The speed advantage comes from aggressive MoE sparsity. If you’re primarily running coding tasks, GLM-4.7-Flash is currently the best performer in the 24GB VRAM tier.

Gemma 3 QAT: Google’s Quantization Play

Google’s Quantization-Aware Training approach for Gemma 3 deserves attention. The 27B model drops from 54GB (BF16) to just 14.1GB with INT4 quantization while preserving near-original quality.

A single RTX 3090 can now run Gemma 3 27B with room to spare for KV cache. That’s a significant accessibility improvement.

The catch: Gemma 3 trails the Chinese models on most benchmarks. It’s a solid general-purpose option, but if you care about leaderboard position, Qwen 3.5 and GLM-4.7 are ahead.

The New Local AI Tier List

Based on this week’s benchmarks and community testing:

24GB VRAM (RTX 3090/4090)

Best For	Model	Speed	Why
Coding	GLM-4.7-Flash	60-80 t/s	59.2% SWE-Bench Verified
General	Qwen3.5-35B-A3B	60-100 t/s	Best reasoning per VRAM
Quality	Qwen3.5-27B (8-bit)	20-25 t/s	Dense model, no MoE shortcuts
Speed	Mistral Small 4 (Q4)	40-60 t/s	256K context, multimodal

12-16GB VRAM (RTX 4070/4080)

Best For	Model	Speed	Why
Balanced	Qwen3.5-35B-A3B (4-bit)	40-60 t/s	MoE efficiency shines
Coding	GLM-4.7-Flash (4-bit)	45-60 t/s	Still dominates SWE-Bench
General	Gemma 3 27B QAT	20-30 t/s	Runs in 14.1GB

Mac Unified Memory (32GB+)

The M4 Max is competitive with discrete GPUs for quantized models.

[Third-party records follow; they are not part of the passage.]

Lemma dense_functor_unique (phi : gfunctor G H) :
  (forall n x, alpha x = gfcomp phi x :> pob (NKT F H) n) -> phi = dense_functor.
Proof.
move=> phiP; apply/gfunctor_ext/ghom_ext => [v|e] /=.
  by rewrite /dense_vertex phiP /= fg_ext_etaV.
by rewrite /dense_arrow phiP /= fg_ext_etaE.
Qed.

End Density.

Lemma free_groupoid_KT_dense : KT_dense F.
Proof.
move=> G H alpha alpha_natural; exists (dense_functor alpha_natural).
by split; [apply: dense_functorP | apply: dense_functor_unique].
Qed.

Lemma KT_nerve_restrJ (X : rpsh (AT F)) (G : groupoid) :
  nat_iso X (NKT F G) -> is_K_nerve (restrJ X).
Proof.
case=> gam [gam_natural gam_bij]; exists (gpd G).
exists (fun n (x : pob (restrJ X) n) => gcomp (fh (gam n x)) (eta (gn n)) : pob (NK G) n).
split.
  move=> a b f x /=; rewrite [gam a _]gam_natural.
  by apply: ghom_ext => [v|e] /=; rewrite /Fmap ?fg_ext_etaV ?fg_ext_etaE.
move=> n; case: (gam_bij n) => gamV gamK gamVK.
exists (fun p : pob (NK G) n => gamV (fg_ext F p)) => [x|p] /=.
  by rewrite fg_extE.
by rewrite gamVK fg_ext_eta.
Qed.

Section NerveGroupoid.
Variable X : rpsh (AT F).
Hypothesis X_presheaf : is_presheaf X.
Variable Z : graph.
Variable alpha : forall n, pob (restrJ X) n -> pob (NK Z) n.
Hypothesis alpha_natural : natural alpha.
Hypothesis alpha_bij : forall n, bijective (@alpha n).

Qwen3.5-27B and GLM-4.7-Flash both hit 60+ t/s on Metal, making Apple Silicon a legitimate local AI platform.

What This Means

The gap between open-weight and closed models continues to narrow. Current leaderboards show S-tier open models like GLM-4.7, Kimi K2.5, and MiniMax M2.5 matching or exceeding proprietary performance on specific benchmarks.

For local users, the practical takeaways:

Qwen 3.5’s MoE models are the new default for general-purpose local inference
GLM-4.7-Flash owns the coding niche if you have 24GB VRAM
Nemotron 3 Super’s architecture is the future—watch for distilled versions
Gemma 3 QAT makes Google’s model viable on consumer hardware

The hardware requirement wall keeps dropping. A year ago, running anything competitive required H100s. Now an RTX 4090 matches enterprise GPUs on 70B inference. Next year, expect the same for 100B+ models.

What You Can Do

If you have 24GB VRAM: Run GLM-4.7-Flash for coding, Qwen3.5-35B-A3B for everything else. Both hit 60+ t/s and compete with closed models on benchmarks.

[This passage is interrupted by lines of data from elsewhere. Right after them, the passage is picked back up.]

(* Let $\mathrm{R}$ be a real closed field, $\mathrm{C}=\mathrm{R}[i]$, let $F/G\in\mathrm{C}(Z)\setminus\{0\}$, $\gamma\in\mathrm{C}\setminus\{0\}$ and let $\Gamma=[x_0,x_1]\times[y_0,y_1]\subset\mathrm{R}^2$ with $x_0<x_1$, $y_0<y_1$. Then $\mathrm{W}(F/G\mid\partial\Gamma)=\mathrm{W}(\gamma F/G\mid\partial\Gamma)$.
   Context: For nonzero $P\in\mathrm{R}[X]$ and $x\in\mathrm{R}$ write uniquely $P=(X-x)^{\mathrm{mult}_x(P)}P_x$ with $P_x(x)\neq0$; for $P,Q\neq0$ set $\mathrm{val}_x(P/Q)=\mathrm{mult}_x(P)-\mathrm{mult}_x(Q)$. For $P,Q\in\mathrm{R}[X]$, $x\in\mathrm{R}$: $\mathrm{Ind}^+_x(P,Q)=\tfrac12\,\mathrm{sign}(P_x(x)Q_x(x))$ and $\mathrm{Ind}^-_x(P,Q)=\tfrac12(-1)^{\mathrm{val}_x(P/Q)}\mathrm{sign}(P_x(x)Q_x(x))$ if $P\ne0$, $Q\neq0$ and $\mathrm{val}_x(P/Q)<0$, and both are $0$ otherwise; $\mathrm{Ind}_x=\mathrm{Ind}^+_x-\mathrm{Ind}^-_x$. For $a<b$, $\mathrm{Ind}_a^b(P,Q)=\mathrm{Ind}_a^+(P,Q)+\sum_{x\in(a,b)}\mathrm{Ind}_x(P,Q)-\mathrm{Ind}_b^-(P,Q)$; $\mathrm{Ind}_a^b=-\mathrm{Ind}_b^a$ if $b<a$, and $\mathrm{Ind}_a^a=0$. For $F\in\mathrm{C}[X,Y]$ let $F_{\rm re},F_{\rm im}\in\mathrm{R}[X,Y]$ with $F=F_{\rm re}+iF_{\rm im}$, and $\overline F=F_{\rm re}-iF_{\rm im}$. Define $\mathrm{w}(F\mid\partial\Gamma)=\tfrac12\big(\mathrm{Ind}_{x_0}^{x_1}(F_{\rm re}(T,y_0),F_{\rm im}(T,y_0))+\mathrm{Ind}_{y_0}^{y_1}(F_{\rm re}(x_1,T),F_{\rm im}(x_1,T))+\mathrm{Ind}_{x_1}^{x_0}(F_{\rm re}(T,y_1),F_{\rm im}(T,y_1))+\mathrm{Ind}_{y_1}^{y_0}(F_{\rm re}(x_0,T),F_{\rm im}(x_0,T))\big)$ and $\mathrm{W}(F\mid\partial\Gamma)=\tfrac12\big(\mathrm{w}(F\mid\partial\Gamma)+\mathrm{w}(iF\mid\partial\Gamma)\big)$. $\mathrm{C}[Z]\subset\mathrm{C}[X,Y]$ via $Z=X+iY$. For $F,G\in\mathrm{C}[X,Y]$, $G\neq0$, $\mathrm{W}(F/G\mid\partial\Gamma):=\mathrm{W}(F\overline G\mid\partial\Gamma)$ (independent of the representation). *)

From HB Require Import structures.
From mathcomp Require Import all_boot all_order all_algebra.
From mathcomp Require Import polyorder polyrcf complex.
Set Implicit Arguments. Unset Strict Implicit. Unset Printing Implicit Defensive.
Import Order.TTheory GRing.Theory Num.Theory.
Local Open Scope ring_scope.

Section CauchyIndex.
Variable R : rcfType.

Definition cofx (x : R) (P : {poly R}) : {poly R} :=
  P %/ ('X - x%:P) ^+ (multiplicity x P).

Definition valx (x : R) (P Q : {poly R}) : int :=
  (multiplicity x P)%:Z - (multiplicity x Q)%:Z.

Definition Indp (x : R) (P Q : {poly R}) : R :=
  if [&& P != 0, Q != 0 & valx x P Q < 0] then
    2^-1 * Num.sg ((cofx x P).[x] * (cofx x Q).[x])
  else 0.

Definition Indm (x : R) (P Q : {poly R}) : R :=
  if [&& P != 0, Q != 0 & valx x P Q < 0] then
    2^-1 * ((-1) ^ (valx x P Q)) * Num.sg ((cofx x P).[x] * (cofx x Q).[x])
  else 0.

Definition Indx (x : R) (P Q : {poly R}) : R := Indp x P Q - Indm x P Q.

(* For a < b.  The sum over x in (a,b) is taken over the roots of Q in (a,b):
   Ind_x(P,Q) = 0 unless mult_x Q > mult_x P >= 0, i.e. unless Q(x) = 0. *)
Definition Ind_lt (a b : R) (P Q : {poly R}) : R :=
  Indp a P Q + \sum_(x <- roots Q a b) Indx x P Q - Indm b P Q.

Definition Ind (a b : R) (P Q : {poly R}) : R :=
  if a < b then Ind_lt a b P Q
  else if b < a then - Ind_lt b a P Q
  else 0.

(* Bivariate polynomials C[X,Y] are {poly {poly R[i]}}: outer variable Y,
   inner variable X. *)
Definition bRe (F : {poly {poly R[i]}}) : {poly {poly R}} :=
  map_poly (map_poly (@complex.Re R)) F.
Definition bIm (F : {poly {poly R[i]}}) : {poly {poly R}} :=
  map_poly (map_poly (@complex.Im R)) F.
Definition bconj (F : {poly {poly R[i]}}) : {poly {poly R[i]}} :=
  map_poly (map_poly conjc) F.

Definition evalY (P : {poly {poly R}}) (y : R) : {poly R} := P.[y%:P].
Definition evalX (P : {poly {poly R}}) (x : R) : {poly R} :=
  map_poly (fun q : {poly R} => q.[x]) P.

Definition iC : R[i] := Complex 0 1.

(* C[Z] -> C[X,Y], Z = X + iY *)
Definition embZ (F : {poly R[i]}) : {poly {poly R[i]}} :=
  (map_poly (fun c : R[i] => c%:P%:P) F).[('X)%:P + iC%:P%:P * 'X].

Definition wind (x0 x1 y0 y1 : R) (F : {poly {poly R[i]}}) : R :=
  2^-1 * ( Ind x0 x1 (evalY (bRe F) y0) (evalY (bIm F) y0)
         + Ind y0 y1 (evalX (bRe F) x1) (evalX (bIm F) x1)
         + Ind x1 x0 (evalY (bRe F) y1) (evalY (bIm F) y1)
         + Ind y1 y0 (evalX (bRe F) x0) (evalX (bIm F) x0) ).

Definition Wind (x0 x1 y0 y1 : R) (F : {poly {poly R[i]}}) : R :=
  2^-1 * (wind x0 x1 y0 y1 F + wind x0 x1 y0 y1 (iC%:P%:P * F)).

(* W(F/G | dGamma) := W(F * \overline G | dGamma) *)
Definition WindQ (x0 x1 y0 y1 : R) (F G : {poly {poly R[i]}}) : R :=
  Wind x0 x1 y0 y1 (F * bconj G).

End CauchyIndex.

From HB Require Import structures.
From mathcomp Require Import all_boot all_order all_algebra.
From mathcomp Require Import polyorder polyrcf complex qe_rcf_th zify ring.
Import Order.TTheory GRing.Theory Num.Theory.
Set Implicit Arguments. Unset Strict Implicit. Unset Printing Implicit Defensive.
Local Open Scope ring_scope.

If you have 12-16GB VRAM: Qwen3.5-35B-A3B at 4-bit is your best option. The MoE architecture means minimal quality loss from quantization.

If you’re on Mac: M4 Max or better gives you competitive performance. MLX optimizations for Qwen 3.5 are mature.

The open-weight ecosystem just had its strongest month since Llama 2 dropped. Check the home GPU leaderboard for current rankings—they’re updating weekly as new benchmarks arrive.